Seeing with Sound
Excerpts from “Blindness No Obstacle To Those With Sharp Ears,” All Things Considered, March 13, 2011:
Meet Daniel Kish. He's a man of many talents. He likes to hike, make music and write. He enjoys children and loves nature. He's an avid biker.
He's also completely blind.
How can Kish bike if he can't see? The method is called echolocation — Kish calls it "flash sonar." As he speeds along on his bike, he makes clicking sounds. As the clicks bounce back to him, he creates a mental image of the space around him. He's kind of like a human bat.
"It is literally a process of seeing with sound," he says.
Daniel Kish leads All Things Considered weekend host Guy Raz on a bike ride in Culver City, Los Angeles, Ca.
“I think that children are incredibly adaptable and intuitive. We know this. I work a lot with children, especially very young children. What I often tell parents when children lose their sight is — warn and support parents — to try and get themselves out of the way of the adaptation process, become more an asset to it than a liability. Because children will adapt if given support to do so and given space to do so.
…It’s the overall process of being willing to reach out into the environment and discover what is around them. If that discovery process is broken by introducing a situation that is not natural, such as keeping the blind child in a playpen or a crib or in the corner, or such as always guiding their hands around their environment or guiding their bodies around their environment — [you really just have to let them figure it out. Getting hurt] is part of it for any child…It is tough, but there’s still a kind of a priori difference. When a sighted child gets hurt we consider it to be unfortunate; when a blind child gets hurt we consider it to be tragic…We really need to divest ourselves of that double standard.
[At World Access for the Blind] our main focus is supporting individuals to access their environment better…It is about a philosophy that we call No Limits Philosophy which challenges us to challenge what we think we know. To challenge every boundary, every box, every limitation that we’ve either put up ourselves or allowed ourselves to be conditioned to accept.

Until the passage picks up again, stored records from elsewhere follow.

(* Let $p$ be a prime, $q$ a power of $p$, $n\ge1$ odd, $m=\frac{q^n+1}{q+1}$. Let $\Sigma$ be the set of pairs $(H,M)$ such that $H\le A(P_\infty)$ and $M\le\mu$ are subgroups with $M^m:=\{d^m:d\in M\}=\phi(H)$. For a subgroup $G\le B(Q_\infty)$ set $\Xi(G)=(\pi(G),\pi_d(G))$. Then $\Xi$ is a bijection from the set of subgroups of $B(Q_\infty)$ onto $\Sigma$.
   Context: Let $\mathcal C_n=\mathbb{F}_{q^{2n}}(x,y,z)$ be the function field defined by $x^q+x=y^{q+1}$ and $z^m=y^{q^2}-y$. Let $A(P_\infty)$ be the group of symbols $[a,b,c]$ with $a\in\mathbb{F}_{q^2}^*$, $b,c\in\mathbb{F}_{q^2}$, $c^q+c=b^{q+1}$, with group law $[a',b',c']\circ[a,b,c]=[a'a,ab'+b,a^{q+1}c'+ab^qb'+c]$ (the automorphisms $x\mapsto a^{q+1}x+ab^qy+c$, $y\mapsto ay+b$ of the Hermitian function field $\mathbb{F}_{q^2}(x,y)$), and $\phi:A(P_\infty)\to\mathbb{F}_{q^2}^*$, $[a,b,c]\mapsto a$. Let $B(Q_\infty)$ be the group of automorphisms $[a,b,c,d]$ of $\mathcal C_n$ given by $x\mapsto a^{q+1}x+ab^qy+c$, $y\mapsto ay+b$, $z\mapsto dz$, where $a\in\mathbb{F}_{q^2}^*$, $b,c\in\mathbb{F}_{q^2}$, $c^q+c=b^{q+1}$, $d\in\mathbb{F}_{q^{2n}}$, $d^m=a$; its group law is $[a',b',c',d']\circ[a,b,c,d]=[a'a,ab'+b,a^{q+1}c'+ab^qb'+c,d'd]$. Let $\mu\le\mathbb{F}_{q^{2n}}^*$ be the group of $(q^n+1)(q-1)$-th roots of unity. Define $\pi:B(Q_\infty)\to A(P_\infty)$, $[a,b,c,d]\mapsto[a,b,c]$, and $\pi_d:B(Q_\infty)\to\mu$, $[a,b,c,d]\mapsto d$. *)

From HB Require Import structures.
From mathcomp Require Import all_boot all_order all_algebra all_field.
Set Implicit Arguments. Unset Strict Implicit. Unset Printing Implicit Defensive.
Import GRing.Theory.
Local Open Scope ring_scope.

(* F plays the role of F_{q^{2n}}; F_{q^2} is its subfield {x | x^(q^2) = x}. *)
Section Defs.
Variables (F : finFieldType) (q n : nat).

Definition inFq2 (x : F) : bool := x ^+ (q ^ 2) == x.

Definition m_of : nat := ((q ^ n + 1) %/ (q + 1))%N.

Definition Acar : {set F * F * F} :=
  [set t | let: (a, b, c) := t in
     [&& a != 0, inFq2 a, inFq2 b, inFq2 c & c ^+ q + c == b ^+ q.+1]].

Definition Aid : F * F * F := (1, 0, 0).

Definition Amul (t' t : F * F * F) : F * F * F :=
  let: (a', b', c') := t' in let: (a, b, c) := t in
  (a' * a, a * b' + b, a ^+ q.+1 * c' + a * b ^+ q * b' + c).

Definition Bcar : {set F * F * F * F} :=
  [set t | let: (a, b, c, d) := t in
     [&& a != 0, inFq2 a, inFq2 b, inFq2 c, c ^+ q + c == b ^+ q.+1
       & d ^+ m_of == a]].

Definition Bid : F * F * F * F := (1, 0, 0, 1).

Definition Bmul (t' t : F * F * F * F) : F * F * F * F :=
  let: (a', b', c', d') := t' in let: (a, b, c, d) := t in
  (a' * a, a * b' + b, a ^+ q.+1 * c' + a * b ^+ q * b' + c, d' * d).

Definition mu : {set F} := [set d | d ^+ ((q ^ n + 1) * (q - 1)) == 1].

Definition is_subgroup_A (H : {set F * F * F}) : Prop :=
  [/\ H \subset Acar, Aid \in H,
      {in H &, forall x y, Amul x y \in H}
    & {in H, forall x, exists2 y, y \in H & Amul y x = Aid}].

Definition is_subgroup_B (G : {set F * F * F * F}) : Prop :=
  [/\ G \subset Bcar, Bid \in G,
      {in G &, forall x y, Bmul x y \in G}
    & {in G, forall x, exists2 y, y \in G & Bmul y x = Bid}].

Definition is_subgroup_mu (M : {set F}) : Prop :=
  [/\ M \subset mu, 1 \in M,
      {in M &, forall x y, x * y \in M}
    & {in M, forall x, exists2 y, y \in M & y * x = 1}].

Definition phi (t : F * F * F) : F := t.1.1.
Definition pi (t : F * F * F * F) : F * F * F := t.1.
Definition pi_d (t : F * F * F * F) : F := t.2.

Definition Sigma (HM : {set F * F * F} * {set F}) : Prop :=
  let: (H, M) := HM in
  [/\ is_subgroup_A H, is_subgroup_mu M
    & [set d ^+ m_of | d in M] = phi @: H].

Definition Xi (G : {set F * F * F * F}) : {set F * F * F} * {set F} :=
  (pi @: G, pi_d @: G).

End Defs.

Arguments is_subgroup_B F q n G : clear implicits.
Arguments is_subgroup_A F q H : clear implicits.
Arguments is_subgroup_mu F q n M : clear implicits.
Arguments Sigma F q n HM : clear implicits.
Arguments Xi F G : clear implicits.

From Pilot Require Import Defs.
From HB Require Import structures.
From mathcomp Require Import all_boot all_order all_algebra all_field.
From mathcomp Require Import ring.
Import GRing.Theory.
Set Implicit Arguments. Unset Strict Implicit. Unset Printing Implicit Defensive.
Local Open Scope ring_scope.

(* B(Q_oo) is the fibre product of A(P_oo) and mu over phi and d |-> d ^+ m, so
   every subgroup G lies in the fibre product of its two projections.  Equality
   holds because ker phi is a p-group of exponent p^2 while m is prime to p: a
   suitable power of any (h, d) in G with phi h = 1 is (h, 1).  Conversely, the
   fibre product of any (H, M) in Sigma is a subgroup whose projections are H
   and M, since M^m = phi(H). *)

Lemma dvdn_add1_expn_odd (q n : nat) : odd n -> (q + 1 %| q ^ n + 1)%N.
Proof.
move=> n_odd; rewrite -[(_ %| _)%N]/(Posz (q + 1) %| Posz (q ^ n + 1))%Z.
have -> : Posz (q ^ n + 1) = q%:Z ^+ n - (-1) ^+ n.
  by rewrite -signr_odd n_odd expr1 opprK PoszD -natz natrX natz.
by rewrite subrXX opprK PoszD dvdz_mulr.
Qed.

Lemma m_ofK (q n : nat) : odd n -> (m_of q n * (q + 1) = q ^ n + 1)%N.
Proof. by move=> n_odd; rewrite divnK // dvdn_add1_expn_odd. Qed.

Lemma imset_group_laws (T U : finType) (mulT : T -> T -> T) (mulU : U -> U -> U)
    (eT : T) (eU : U) (f : T -> U) (G : {set T}) :
  {morph f : x y / mulT x y >-> mulU x y} -> f eT = eU ->
  eT \in G -> {in G &, forall x y, mulT x y \in G} ->
  {in G, forall x, exists2 y, y \in G & mulT y x = eT} ->
  [/\ eU \in f @: G, {in f @: G &, forall x y, mulU x y \in f @: G}
    & {in f @: G, forall x, exists2 y, y \in f @: G & mulU y x = eU}].
Proof.
move=> fM fe G1 GM GV; split.
- by rewrite -fe imset_f.
- by move=> _ _ /imsetP[x xG ->] /imsetP[y yG ->]; rewrite -fM imset_f ?GM.
- move=> _ /imsetP[x xG ->]; have [y yG yx] := GV x xG.
  by exists (f y); rewrite ?imset_f // -fM yx.
Qed.

Lemma phi_Amul (F : finFieldType) (q : nat) (x y : F * F * F) :
  phi (Amul q x y) = phi x * phi y.
Proof. by case: x => [[a b] c]; case: y => [[a' b'] c']. Qed.

Section HermitianGroup.
Variables (F : finFieldType) (p k : nat).
Hypothesis charFp : p \in [pchar F].
Local Notation q := (p ^ k)%N.

Lemma exprD_pchar_pow (x y : F) : (x + y) ^+ q = x ^+ q + y ^+ q.
Proof.
apply: exprDn_pchar; rewrite pnatX (eq_pnat _ (pcharf_eq charFp)).
by rewrite pnat_id ?orbT // (pcharf_prime charFp).
Qed.

Lemma AmulA (x y z : F * F * F) : Amul q x (Amul q y z) = Amul q (Amul q x y) z.
Proof.
case: x => [[a1 b1] c1]; case: y => [[a2 b2] c2]; case: z => [[a3 b3] c3].
rewrite /Amul; congr (_, _, _); [ring | ring | ].
by rewrite exprD_pchar_pow !exprMn !exprS; ring.
Qed.

Lemma Amul_idl (x : F * F * F) : Amul q (Aid F) x = x.
Proof. by case: x => [[a b] c]; rewrite /Amul /Aid; congr (_, _, _); ring. Qed.

Lemma Amul_idr (x : F * F * F) : Amul q x (Aid F) = x.
Proof.
have q_gt0 : (0 < q)%N by rewrite expn_gt0 prime_gt0 // (pcharf_prime charFp).
case: x => [[a b] c]; rewrite /Amul /Aid expr0n eqn0Ngt q_gt0 expr1n.
by congr (_, _, _); rewrite /= ?mulr0n; ring.
Qed.

Definition Apow (x : F * F * F) (j : nat) : F * F * F := iter j (Amul q x) (Aid F).

Lemma Apow1 x : Apow x 1 = x.
Proof. exact: Amul_idr. Qed.

Lemma Apow_add x i j : Apow x (i + j) = Amul q (Apow x i) (Apow x j).
Proof.
elim: i => [|i IHi]; first by rewrite Amul_idl.
by rewrite addSn /Apow !iterS -/(Apow x _) IHi AmulA.
Qed.

Lemma Apow_mul x i j : Apow x (i * j) = Apow (Apow x i) j.
Proof. by elim: j => [|j IHj]; rewrite ?muln0 // mulnS Apow_add IHj. Qed.

Lemma Apow_id j : Apow (Aid F) j = Aid F.
Proof. by elim: j => [|j IHj] //; rewrite /Apow iterS -/(Apow _ j) IHj Amul_idl. Qed.

Lemma Apow_unipotent b c j : exists c', Apow (1, b, c) j = (1, j%:R * b, c').
Proof.
elim: j => [|j [c' IHj]]; first by exists 0; rewrite mul0r.
rewrite /Apow iterS -/(Apow _ j) IHj /Amul; eexists; congr (_, _, _).
  by ring.
by rewrite -natr1; ring.
Qed.

Lemma Apow_center c j : Apow (1, 0, c) j = (1, 0, j%:R * c).
Proof.
elim: j => [|j IHj]; first by rewrite mul0r.
rewrite /Apow iterS -/(Apow _ j) IHj /Amul -natr1 expr1n.
by congr (_, _, _); ring.
Qed.

(* The p-th power of [1, b, c] is central, and central elements have order p. *)
Lemma Apow_ker_phi_sqr u : phi u = 1 -> Apow u (p * p) = Aid F.
Proof.
have p0 : (p%:R : F) = 0 := pcharf0 charFp.
case: u => [[a b] c]; rewrite /phi /= => ->; rewrite Apow_mul.
have [c' ->] := Apow_unipotent b c p.
by rewrite p0 mul0r Apow_center p0 mul0r.
Qed.

Lemma Apow_ker_phi_modn u e : phi u = 1 -> Apow u e = Apow u (e %% (p * p)).
Proof.
move=> phi_u; rewrite {1}(divn_eq e (p * p)) Apow_add mulnC Apow_mul.
by rewrite Apow_ker_phi_sqr // Apow_id Amul_idl.
Qed.

End HermitianGroup.

Section FibreProduct.
Variables (F : finFieldType) (p k n : nat).
Hypotheses (charFp : p \in [pchar F]) (k_gt0 : (0 < k)%N) (n_odd : odd n).
Local Notation q := (p ^ k)%N.
Local Notation m := (m_of q n).
Local Notation pi := (@Defs.pi F).
Local Notation pi_d := (@Defs.pi_d F).
Local Notation phi := (@Defs.phi F).

Lemma Bmul_pair (t t' : F * F * F * F) :
  Bmul q t t' = (Amul q (pi t) (pi t'), pi_d t * pi_d t').
Proof. by case: t => [[[a b] c] d]; case: t' => [[[a' b'] c'] d']. Qed.

Lemma Bcar_pi_d_expm g : g \in Bcar F q n -> pi_d g ^+ m = phi (pi g).
Proof.
by case: g => [[[a b] c] d]; rewrite inE => /and5P[_ _ _ _ /andP[_ /eqP]].
Qed.

(* d ^+ ((q ^ n + 1) * (q - 1)) = (d ^+ m) ^+ (q ^ 2 - 1) = a ^+ (q ^ 2 - 1) = 1
   as a is a nonzero element of F_(q^2). *)
Lemma Bcar_pi_d_mu g : g \in Bcar F q n -> pi_d g \in mu F q n.
Proof.
case: g => [[[a b] c] d]; rewrite !inE /= => /and5P[a0 /eqP aq _ _].
move=> /andP[_ /eqP dm]; rewrite -(m_ofK q n_odd) -mulnA exprM dm.
have q_gt0 : (0 < q)%N by rewrite expn_gt0 prime_gt0 // (pcharf_prime charFp).
have sq : (((q + 1) * (q - 1)).+1 = q ^ 2)%N.
  by rewrite mulnC -subn_sqr exp1n subn1 prednK // expn_gt0 q_gt0.
by apply/eqP/(mulIf a0); rewrite mul1r -exprSr sq aq.
Qed.

Lemma coprime_sqr_char_m : coprime (p * p) m.
Proof.
have p_prime := pcharf_prime charFp.
rewrite coprimeMl andbb prime_coprime //; apply/negP => p_dvd_m.
have : (p %| q ^ n + 1)%N by rewrite -(m_ofK q n_odd) dvdn_mulr.
rewrite dvdn_addr ?dvdn1 ?(gtn_eqF (prime_gt1 p_prime)) //.
by rewrite -expnM dvdn_exp // muln_gt0 k_gt0 odd_gt0.
Qed.

Definition Bpow (w : F * F * F * F) (j : nat) : F * F * F * F :=
  iter j (Bmul q w) (Bid F).

Lemma Bpow_pair w j : Bpow w j = (Apow p k (pi w) j, pi_d w ^+ j).
Proof. by elim: j => [|j IHj] //=; rewrite Bmul_pair IHj exprS. Qed.

(* Raise w to an exponent that is 1 modulo p^2 and 0 modulo m: the first
   coordinate lies in a group of exponent p^2, the last one in a group of
   exponent m. *)
Lemma ker_phi_mem (G : {set F * F * F * F}) w :
  Bid F \in G -> {in G &, forall x y, Bmul q x y \in G} ->
  w \in Bcar F q n -> w \in G -> phi (pi w) = 1 -> (pi w, 1) \in G.
Proof.
move=> G1 GM wB wG phi_w.
have Bpow_mem j : Bpow w j \in G by elim: j => [|j IHj] //=; apply: GM.
have p_gt1 := prime_gt1 (pcharf_prime charFp).
have pp_gt1 : (1 < p * p)%N by rewrite (leq_trans p_gt1) // leq_pmull // ltnW.
pose e := chinese (p * p) m 1 0.
have e_pp : (e %% (p * p) = 1)%N.
  by rewrite (chinese_modl coprime_sqr_char_m) modn_small.
have e_m : (e %% m = 0)%N by rewrite (chinese_modr coprime_sqr_char_m) mod0n.
have := Bpow_mem e; rewrite Bpow_pair Apow_ker_phi_modn // e_pp Apow1 //.
by rewrite -(expr_mod _ (_ : pi_d w ^+ m = 1)) ?e_m // Bcar_pi_d_expm.
Qed.

Definition fibre_prod (H : {set F * F * F}) (M : {set F}) : {set F * F * F * F} :=
  [set t | [&& pi t \in H, pi_d t \in M & pi_d t ^+ m == phi (pi t)]].

Lemma Xi_Sigma G : is_subgroup_B F q n G -> Sigma F q n (Xi F G).
Proof.
case=> GB G1 GM GV; have GBcar := subsetP GB.
have pi_morph : {morph pi : x y / Bmul q x y >-> Amul q x y}.
  by move=> x y; rewrite Bmul_pair.
have pi_d_morph : {morph pi_d : x y / Bmul q x y >-> x * y}.
  by move=> x y; rewrite Bmul_pair.
have [H1 HM HV] := imset_group_laws pi_morph (erefl : pi (Bid F) = _) G1 GM GV.
have [M1 MM MV] := imset_group_laws pi_d_morph (erefl : pi_d (Bid F) = _) G1 GM GV.
split; [split => // | split => // | ].
- apply/subsetP => _ /imsetP[[[[a b] c] d] /GBcar gB ->].
  by move: gB; rewrite !inE /= => /and5P[-> -> -> -> /andP[-> _]].
- by apply/subsetP => _ /imsetP[g /GBcar gB ->]; apply: Bcar_pi_d_mu.
- rewrite -!imset_comp; apply: eq_in_imset => g /GBcar.
  exact: Bcar_pi_d_expm.
Qed.

(* If pi g1 = h and pi_d g2 = d with d ^+ m = phi h, then w := g1 * g2^-1 has
   phi (pi w) = 1, so (pi w, 1) * g2 = (h, d) lies in G. *)
Lemma subgroup_B_fibre_prod G :
  is_subgroup_B F q n G -> G = fibre_prod (pi @: G) (pi_d @: G).
Proof.
case=> GB G1 GM GV; have GBcar := subsetP GB.
apply/setP => t; rewrite inE; apply/idP/and3P.
  by move=> tG; rewrite !imset_f // Bcar_pi_d_expm ?GBcar.
case=> /imsetP[g1 g1G t1E] /imsetP[g2 g2G t2E] /eqP tmE.
have [y yG yg2] := GV g2 g2G.
have y_g2 : Amul q (pi y) (pi g2) = Aid F.
  by rewrite -[RHS]/(pi (Bid F)) -yg2 Bmul_pair.
pose w := Bmul q g1 y; have wG : w \in G by apply: GM.
have w_ker : phi (pi w) = 1.
  rewrite /w Bmul_pair /= phi_Amul -t1E -tmE t2E Bcar_pi_d_expm ?GBcar //.
  by rewrite mulrC -(phi_Amul q (pi y)) y_g2.
have := GM _ _ (ker_phi_mem G1 GM (GBcar _ wG) wG w_ker) g2G.
rewrite Bmul_pair /w Bmul_pair /= mul1r -AmulA // y_g2 Amul_idr // -t1E -t2E.
by case: t {t1E t2E tmE}.
Qed.

Lemma fibre_prod_subgroup H M :
  Sigma F q n (H, M) -> is_subgroup_B F q n (fibre_prod H M).
Proof.
case=> [[HA H1 HM HV] [Mmu M1 MM MV] _]; split.
- apply/subsetP => [[[[a b] c] d]]; rewrite !inE /= => /and3P[/(subsetP HA)].
  by rewrite inE => /and5P[-> -> -> -> ->] _ /eqP->; rewrite eqxx.
- by rewrite inE H1 M1 expr1n eqxx.
- move=> x y; rewrite !inE Bmul_pair /=.
  move=> /and3P[xH xM /eqP xm] /and3P[yH yM /eqP ym].
  by rewrite HM ?MM //= exprMn xm ym phi_Amul.
- move=> x; rewrite inE => /and3P[xH xM /eqP xm].
  have [yh yhH yhx] := HV _ xH; have [yd ydM ydx] := MV _ xM.
  exists (yh, yd); last by rewrite Bmul_pair /= yhx ydx.
  rewrite inE /= yhH ydM; apply/eqP.
  have : phi (pi x) != 0.
    by move: (subsetP HA _ xH); case: (pi x) => [[a b] c]; rewrite inE => /andP[].
  move=> /mulIf; apply.
  by rewrite -[in LHS]xm -exprMn ydx expr1n -(phi_Amul q) yhx.
Qed.

Lemma Xi_fibre_prod H M : Sigma F q n (H, M) -> Xi F (fibre_prod H M) = (H, M).
Proof.
case=> _ _ HM_m; congr (_, _); apply/setP => x; apply/imsetP/idP.
- by case=> t; rewrite inE => /and3P[tH _ _] ->.
- move=> xH; have /imsetP[d dM dx] : phi x \in [set d ^+ m | d in M].
    by rewrite HM_m; apply: imset_f.
  by exists (x, d); rewrite // inE /= xH dM dx eqxx.
- by case=> t; rewrite inE => /and3P[_ tM _] ->.
- move=> xM; have /imsetP[h hH hx] : x ^+ m \in phi @: H.
    by rewrite -HM_m; apply: imset_f.
  by exists (h, x); rewrite // inE /= hH xM hx eqxx.
Qed.

End FibreProduct.

Theorem theorem3p5 (p k n : nat) (F : finFieldType)
  (hp : prime p) (hk : (0 < k)%N) (hn : odd n)
  (hF : #|F| = ((p ^ k) ^ (2 * n))%N) :
  let q := (p ^ k)%N in
  [/\ (forall G, is_subgroup_B F q n G -> Sigma F q n (Xi F G)),
      (forall G1 G2, is_subgroup_B F q n G1 -> is_subgroup_B F q n G2 ->
         Xi F G1 = Xi F G2 -> G1 = G2)
    & (forall HM, Sigma F q n HM ->
         exists2 G, is_subgroup_B F q n G & Xi F G = HM)].
Proof.
move=> q; have charFp : p \in [pchar F].
  by apply: (card_finPcharP (n := k * (2 * n))); rewrite // expnM.
split.
- exact: Xi_Sigma.
- move=> G1 G2 G1sub G2sub [pi_eq pi_d_eq].
  rewrite (subgroup_B_fibre_prod charFp hk hn G1sub).
  by rewrite (subgroup_B_fibre_prod charFp hk hn G2sub) pi_eq pi_d_eq.
- move=> [H M] HM_Sigma; exists (fibre_prod p k n H M).
    exact: fibre_prod_subgroup.
  exact: Xi_fibre_prod.
Qed.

… Conventional wisdom doesn’t favor blindness. Conventional wisdom basically favors the perpetuation of convention. Blindness is not conventional — it’s anything and everything but conventional. So we tend to challenge conventional wisdom to expand itself and accept that there are situations, circumstances which are not conventional yet which still warrant accommodation, consideration, acceptance, awareness.